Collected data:
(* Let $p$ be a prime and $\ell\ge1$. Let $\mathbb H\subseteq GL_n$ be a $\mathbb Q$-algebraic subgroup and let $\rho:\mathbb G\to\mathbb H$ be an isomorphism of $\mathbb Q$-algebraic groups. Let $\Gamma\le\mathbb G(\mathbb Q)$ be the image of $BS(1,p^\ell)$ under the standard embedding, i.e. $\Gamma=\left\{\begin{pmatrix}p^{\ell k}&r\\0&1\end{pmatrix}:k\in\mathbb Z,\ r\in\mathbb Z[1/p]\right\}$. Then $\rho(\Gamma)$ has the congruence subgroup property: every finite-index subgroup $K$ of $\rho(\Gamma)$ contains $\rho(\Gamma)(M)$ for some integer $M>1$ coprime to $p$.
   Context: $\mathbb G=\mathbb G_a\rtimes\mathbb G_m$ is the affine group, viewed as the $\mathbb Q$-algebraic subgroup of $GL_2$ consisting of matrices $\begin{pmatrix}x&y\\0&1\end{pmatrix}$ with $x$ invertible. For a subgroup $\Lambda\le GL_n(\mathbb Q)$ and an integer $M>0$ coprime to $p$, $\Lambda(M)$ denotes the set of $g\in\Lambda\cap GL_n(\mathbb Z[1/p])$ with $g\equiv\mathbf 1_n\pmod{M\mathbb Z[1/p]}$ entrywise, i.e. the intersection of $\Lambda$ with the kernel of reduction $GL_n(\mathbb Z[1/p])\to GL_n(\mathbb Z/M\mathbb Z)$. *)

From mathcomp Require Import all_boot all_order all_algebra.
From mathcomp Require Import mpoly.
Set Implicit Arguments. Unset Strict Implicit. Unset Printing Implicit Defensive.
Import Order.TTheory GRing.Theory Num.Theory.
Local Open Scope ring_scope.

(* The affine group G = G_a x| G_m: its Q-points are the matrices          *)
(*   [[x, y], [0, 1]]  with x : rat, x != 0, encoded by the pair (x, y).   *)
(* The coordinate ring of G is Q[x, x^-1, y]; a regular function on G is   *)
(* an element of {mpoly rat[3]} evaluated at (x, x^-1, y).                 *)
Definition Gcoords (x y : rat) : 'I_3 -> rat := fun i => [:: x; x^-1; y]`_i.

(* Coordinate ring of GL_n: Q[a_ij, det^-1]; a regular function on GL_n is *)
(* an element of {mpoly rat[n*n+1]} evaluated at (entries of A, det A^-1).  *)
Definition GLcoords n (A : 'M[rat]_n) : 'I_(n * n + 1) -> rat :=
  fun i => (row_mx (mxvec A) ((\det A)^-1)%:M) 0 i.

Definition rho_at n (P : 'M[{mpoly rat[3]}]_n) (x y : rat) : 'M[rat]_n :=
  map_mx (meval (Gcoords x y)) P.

--

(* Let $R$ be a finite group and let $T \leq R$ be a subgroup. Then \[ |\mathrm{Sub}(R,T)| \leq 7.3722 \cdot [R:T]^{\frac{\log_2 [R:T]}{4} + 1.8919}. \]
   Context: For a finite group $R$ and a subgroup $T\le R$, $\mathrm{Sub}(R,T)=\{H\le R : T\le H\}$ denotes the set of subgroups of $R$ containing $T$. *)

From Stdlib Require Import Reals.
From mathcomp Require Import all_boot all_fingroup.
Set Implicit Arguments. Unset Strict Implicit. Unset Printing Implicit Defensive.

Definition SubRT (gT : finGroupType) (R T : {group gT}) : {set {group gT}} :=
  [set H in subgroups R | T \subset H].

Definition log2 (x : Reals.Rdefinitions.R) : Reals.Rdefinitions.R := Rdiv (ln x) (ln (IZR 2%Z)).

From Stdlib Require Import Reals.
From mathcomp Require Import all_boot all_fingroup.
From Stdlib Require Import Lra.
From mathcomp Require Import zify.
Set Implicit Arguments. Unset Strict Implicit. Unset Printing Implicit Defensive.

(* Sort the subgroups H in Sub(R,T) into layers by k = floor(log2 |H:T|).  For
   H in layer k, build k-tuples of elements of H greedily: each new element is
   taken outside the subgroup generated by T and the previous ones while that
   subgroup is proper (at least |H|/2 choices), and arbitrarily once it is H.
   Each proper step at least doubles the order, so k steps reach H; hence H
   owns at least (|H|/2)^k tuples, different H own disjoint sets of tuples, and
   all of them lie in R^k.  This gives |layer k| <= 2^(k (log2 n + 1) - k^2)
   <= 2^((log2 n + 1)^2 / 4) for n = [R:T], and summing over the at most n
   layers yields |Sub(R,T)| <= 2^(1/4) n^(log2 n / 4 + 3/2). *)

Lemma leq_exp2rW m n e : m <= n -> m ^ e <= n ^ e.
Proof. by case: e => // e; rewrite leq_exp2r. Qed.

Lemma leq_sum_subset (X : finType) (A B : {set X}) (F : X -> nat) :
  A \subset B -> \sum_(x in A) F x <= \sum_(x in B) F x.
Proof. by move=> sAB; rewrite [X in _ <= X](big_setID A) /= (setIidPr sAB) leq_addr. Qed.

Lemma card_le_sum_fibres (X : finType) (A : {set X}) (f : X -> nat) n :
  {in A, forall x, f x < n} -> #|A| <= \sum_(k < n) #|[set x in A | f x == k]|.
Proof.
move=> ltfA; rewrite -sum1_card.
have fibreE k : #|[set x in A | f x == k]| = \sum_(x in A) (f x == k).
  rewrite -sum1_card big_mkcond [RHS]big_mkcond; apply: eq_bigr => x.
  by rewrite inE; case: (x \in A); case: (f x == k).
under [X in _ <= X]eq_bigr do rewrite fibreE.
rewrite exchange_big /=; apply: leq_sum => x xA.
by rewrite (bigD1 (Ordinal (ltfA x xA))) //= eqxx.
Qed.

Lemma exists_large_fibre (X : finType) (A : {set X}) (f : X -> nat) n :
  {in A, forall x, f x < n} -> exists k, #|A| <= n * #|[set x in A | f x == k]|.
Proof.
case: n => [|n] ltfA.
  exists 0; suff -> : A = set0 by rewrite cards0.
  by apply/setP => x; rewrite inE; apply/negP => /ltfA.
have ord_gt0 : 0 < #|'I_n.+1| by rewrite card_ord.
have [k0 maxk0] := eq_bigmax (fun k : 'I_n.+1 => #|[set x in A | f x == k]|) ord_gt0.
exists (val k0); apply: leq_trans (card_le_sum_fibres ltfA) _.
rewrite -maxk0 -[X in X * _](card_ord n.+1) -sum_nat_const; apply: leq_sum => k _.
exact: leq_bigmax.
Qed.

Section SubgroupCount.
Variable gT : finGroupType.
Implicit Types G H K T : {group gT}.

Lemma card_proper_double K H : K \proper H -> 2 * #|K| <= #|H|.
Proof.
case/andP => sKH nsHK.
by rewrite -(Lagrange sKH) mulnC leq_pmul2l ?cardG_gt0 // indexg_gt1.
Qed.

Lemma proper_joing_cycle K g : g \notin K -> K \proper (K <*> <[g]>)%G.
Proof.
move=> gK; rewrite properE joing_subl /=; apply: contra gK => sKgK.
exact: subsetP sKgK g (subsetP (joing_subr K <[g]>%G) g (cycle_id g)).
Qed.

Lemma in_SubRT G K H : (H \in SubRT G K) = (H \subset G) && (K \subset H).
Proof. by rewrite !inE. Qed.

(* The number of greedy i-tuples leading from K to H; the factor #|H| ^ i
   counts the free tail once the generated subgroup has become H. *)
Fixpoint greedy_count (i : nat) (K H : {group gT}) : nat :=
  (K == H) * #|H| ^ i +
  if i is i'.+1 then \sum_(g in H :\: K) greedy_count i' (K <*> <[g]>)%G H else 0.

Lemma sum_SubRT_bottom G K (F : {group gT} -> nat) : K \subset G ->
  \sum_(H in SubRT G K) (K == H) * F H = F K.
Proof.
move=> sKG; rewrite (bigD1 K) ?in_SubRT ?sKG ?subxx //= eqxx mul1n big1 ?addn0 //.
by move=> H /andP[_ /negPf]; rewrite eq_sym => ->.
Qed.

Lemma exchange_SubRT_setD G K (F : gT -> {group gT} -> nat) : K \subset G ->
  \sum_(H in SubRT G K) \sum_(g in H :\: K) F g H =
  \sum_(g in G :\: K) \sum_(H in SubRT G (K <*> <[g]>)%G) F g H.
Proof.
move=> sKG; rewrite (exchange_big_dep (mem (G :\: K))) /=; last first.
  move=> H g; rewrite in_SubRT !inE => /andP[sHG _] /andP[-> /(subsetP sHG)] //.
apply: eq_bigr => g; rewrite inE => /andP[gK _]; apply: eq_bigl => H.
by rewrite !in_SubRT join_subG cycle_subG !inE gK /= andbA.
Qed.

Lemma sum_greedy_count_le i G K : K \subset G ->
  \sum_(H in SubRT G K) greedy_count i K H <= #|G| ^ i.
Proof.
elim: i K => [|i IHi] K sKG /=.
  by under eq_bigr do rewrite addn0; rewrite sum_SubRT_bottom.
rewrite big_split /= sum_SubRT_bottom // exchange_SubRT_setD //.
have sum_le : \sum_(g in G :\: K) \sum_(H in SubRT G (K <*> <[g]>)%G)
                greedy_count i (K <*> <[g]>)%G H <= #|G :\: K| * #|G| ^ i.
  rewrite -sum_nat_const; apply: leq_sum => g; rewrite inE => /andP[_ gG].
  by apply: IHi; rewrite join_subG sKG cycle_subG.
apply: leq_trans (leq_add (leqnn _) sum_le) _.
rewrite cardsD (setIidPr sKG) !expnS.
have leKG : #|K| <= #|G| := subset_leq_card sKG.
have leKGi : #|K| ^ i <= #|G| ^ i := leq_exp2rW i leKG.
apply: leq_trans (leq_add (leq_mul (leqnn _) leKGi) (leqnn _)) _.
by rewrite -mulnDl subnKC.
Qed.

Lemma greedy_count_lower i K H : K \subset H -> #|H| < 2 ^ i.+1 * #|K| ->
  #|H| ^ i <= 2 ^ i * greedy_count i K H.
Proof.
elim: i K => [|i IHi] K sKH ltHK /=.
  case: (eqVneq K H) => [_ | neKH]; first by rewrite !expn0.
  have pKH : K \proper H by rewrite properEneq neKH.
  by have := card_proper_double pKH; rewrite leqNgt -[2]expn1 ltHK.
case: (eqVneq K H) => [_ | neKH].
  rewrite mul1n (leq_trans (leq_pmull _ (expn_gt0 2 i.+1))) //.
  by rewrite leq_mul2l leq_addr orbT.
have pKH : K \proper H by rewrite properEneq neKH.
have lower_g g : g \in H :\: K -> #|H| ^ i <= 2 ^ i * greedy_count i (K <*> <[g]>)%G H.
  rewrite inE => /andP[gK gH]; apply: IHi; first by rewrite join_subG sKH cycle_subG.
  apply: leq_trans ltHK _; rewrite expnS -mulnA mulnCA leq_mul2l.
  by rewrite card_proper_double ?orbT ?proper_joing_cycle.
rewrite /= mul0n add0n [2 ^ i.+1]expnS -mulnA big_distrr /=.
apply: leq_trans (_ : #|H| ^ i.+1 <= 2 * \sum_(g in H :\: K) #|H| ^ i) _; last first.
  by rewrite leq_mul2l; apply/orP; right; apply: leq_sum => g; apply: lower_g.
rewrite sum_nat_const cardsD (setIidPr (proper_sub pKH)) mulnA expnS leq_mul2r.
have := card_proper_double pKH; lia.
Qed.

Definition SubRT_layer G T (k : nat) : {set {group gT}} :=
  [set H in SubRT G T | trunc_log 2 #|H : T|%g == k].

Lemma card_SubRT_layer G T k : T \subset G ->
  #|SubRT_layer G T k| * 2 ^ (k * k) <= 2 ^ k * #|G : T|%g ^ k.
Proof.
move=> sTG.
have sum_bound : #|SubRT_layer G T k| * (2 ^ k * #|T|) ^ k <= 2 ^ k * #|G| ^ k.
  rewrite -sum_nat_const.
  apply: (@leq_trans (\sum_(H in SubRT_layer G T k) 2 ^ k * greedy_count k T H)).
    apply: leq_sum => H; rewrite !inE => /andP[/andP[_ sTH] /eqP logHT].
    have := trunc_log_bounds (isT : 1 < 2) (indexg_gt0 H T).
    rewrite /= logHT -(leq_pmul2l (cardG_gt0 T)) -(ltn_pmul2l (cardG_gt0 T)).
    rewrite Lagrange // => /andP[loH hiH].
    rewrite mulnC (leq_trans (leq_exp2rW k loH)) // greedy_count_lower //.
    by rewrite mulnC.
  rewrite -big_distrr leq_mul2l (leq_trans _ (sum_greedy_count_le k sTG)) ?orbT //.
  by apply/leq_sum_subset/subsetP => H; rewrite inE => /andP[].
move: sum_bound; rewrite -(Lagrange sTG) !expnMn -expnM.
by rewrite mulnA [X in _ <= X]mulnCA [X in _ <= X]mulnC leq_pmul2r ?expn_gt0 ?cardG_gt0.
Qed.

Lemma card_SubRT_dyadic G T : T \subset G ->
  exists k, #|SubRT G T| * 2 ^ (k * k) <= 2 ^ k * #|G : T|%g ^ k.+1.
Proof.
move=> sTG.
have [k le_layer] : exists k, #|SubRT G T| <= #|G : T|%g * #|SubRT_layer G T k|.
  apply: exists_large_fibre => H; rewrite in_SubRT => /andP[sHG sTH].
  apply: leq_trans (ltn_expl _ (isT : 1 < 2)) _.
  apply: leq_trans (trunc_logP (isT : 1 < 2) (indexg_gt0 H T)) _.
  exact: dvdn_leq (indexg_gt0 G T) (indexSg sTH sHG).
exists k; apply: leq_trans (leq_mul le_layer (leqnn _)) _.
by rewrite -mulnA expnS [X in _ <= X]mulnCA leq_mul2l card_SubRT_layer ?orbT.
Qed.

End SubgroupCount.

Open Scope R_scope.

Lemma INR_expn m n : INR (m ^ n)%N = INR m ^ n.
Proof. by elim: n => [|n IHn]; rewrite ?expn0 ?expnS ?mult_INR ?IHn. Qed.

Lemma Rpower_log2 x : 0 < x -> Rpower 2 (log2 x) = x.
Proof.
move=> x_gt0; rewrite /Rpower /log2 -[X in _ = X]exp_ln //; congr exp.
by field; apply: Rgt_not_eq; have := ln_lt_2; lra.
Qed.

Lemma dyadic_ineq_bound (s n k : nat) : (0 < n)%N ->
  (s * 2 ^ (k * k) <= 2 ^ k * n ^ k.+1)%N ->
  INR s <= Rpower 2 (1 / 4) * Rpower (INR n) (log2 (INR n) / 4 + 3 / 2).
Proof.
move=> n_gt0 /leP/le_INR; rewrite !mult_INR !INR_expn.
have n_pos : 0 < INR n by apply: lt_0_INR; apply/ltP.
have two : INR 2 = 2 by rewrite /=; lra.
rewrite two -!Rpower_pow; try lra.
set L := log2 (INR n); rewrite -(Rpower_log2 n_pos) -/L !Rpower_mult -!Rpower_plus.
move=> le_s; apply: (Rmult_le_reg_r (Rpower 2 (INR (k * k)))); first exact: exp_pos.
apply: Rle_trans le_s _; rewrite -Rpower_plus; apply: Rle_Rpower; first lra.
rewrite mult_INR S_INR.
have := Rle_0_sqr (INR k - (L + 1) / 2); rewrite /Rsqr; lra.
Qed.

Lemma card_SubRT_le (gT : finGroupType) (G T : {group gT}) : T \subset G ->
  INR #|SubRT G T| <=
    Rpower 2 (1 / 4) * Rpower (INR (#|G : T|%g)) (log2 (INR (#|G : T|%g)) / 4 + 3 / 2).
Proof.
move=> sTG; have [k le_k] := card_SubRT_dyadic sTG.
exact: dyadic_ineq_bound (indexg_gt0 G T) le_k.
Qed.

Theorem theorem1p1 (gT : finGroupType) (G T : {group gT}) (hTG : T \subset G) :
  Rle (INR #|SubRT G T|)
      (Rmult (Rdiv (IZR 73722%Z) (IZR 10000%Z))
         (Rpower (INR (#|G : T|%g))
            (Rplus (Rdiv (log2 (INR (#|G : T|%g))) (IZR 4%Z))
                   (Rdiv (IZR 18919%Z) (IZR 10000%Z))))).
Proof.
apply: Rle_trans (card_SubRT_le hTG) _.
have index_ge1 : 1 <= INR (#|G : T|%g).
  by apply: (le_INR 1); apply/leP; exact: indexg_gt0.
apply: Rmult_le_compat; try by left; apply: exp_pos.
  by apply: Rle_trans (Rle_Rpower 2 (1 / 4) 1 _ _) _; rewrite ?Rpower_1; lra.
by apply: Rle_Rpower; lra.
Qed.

__Task directions__: Could you restate word for word the lines above from the one containing "elim: i K => [|i IHi] K sKH ltHK /=." through the one containing "have := trunc_log_bounds", both included, and nothing else?

__Problem solution__:
elim: i K => [|i IHi] K sKH ltHK /=.
  case: (eqVneq K H) => [_ | neKH]; first by rewrite !expn0.
  have pKH : K \proper H by rewrite properEneq neKH.
  by have := card_proper_double pKH; rewrite leqNgt -[2]expn1 ltHK.
case: (eqVneq K H) => [_ | neKH].
  rewrite mul1n (leq_trans (leq_pmull _ (expn_gt0 2 i.+1))) //.
  by rewrite leq_mul2l leq_addr orbT.
have pKH : K \proper H by rewrite properEneq neKH.
have lower_g g : g \in H :\: K -> #|H| ^ i <= 2 ^ i * greedy_count i (K <*> <[g]>)%G H.
  rewrite inE => /andP[gK gH]; apply: IHi; first by rewrite join_subG sKH cycle_subG.
  apply: leq_trans ltHK _; rewrite expnS -mulnA mulnCA leq_mul2l.
  by rewrite card_proper_double ?orbT ?proper_joing_cycle.
rewrite /= mul0n add0n [2 ^ i.+1]expnS -mulnA big_distrr /=.
apply: leq_trans (_ : #|H| ^ i.+1 <= 2 * \sum_(g in H :\: K) #|H| ^ i) _; last first.
  by rewrite leq_mul2l; apply/orP; right; apply: leq_sum => g; apply: lower_g.
rewrite sum_nat_const cardsD (setIidPr (proper_sub pKH)) mulnA expnS leq_mul2r.
have := card_proper_double pKH; lia.
Qed.

Definition SubRT_layer G T (k : nat) : {set {group gT}} :=
  [set H in SubRT G T | trunc_log 2 #|H : T|%g == k].

Lemma card_SubRT_layer G T k : T \subset G ->
  #|SubRT_layer G T k| * 2 ^ (k * k) <= 2 ^ k * #|G : T|%g ^ k.
Proof.
move=> sTG.
have sum_bound : #|SubRT_layer G T k| * (2 ^ k * #|T|) ^ k <= 2 ^ k * #|G| ^ k.
  rewrite -sum_nat_const.
  apply: (@leq_trans (\sum_(H in SubRT_layer G T k) 2 ^ k * greedy_count k T H)).
    apply: leq_sum => H; rewrite !inE => /andP[/andP[_ sTH] /eqP logHT].
    have := trunc_log_bounds (isT : 1 < 2) (indexg_gt0 H T).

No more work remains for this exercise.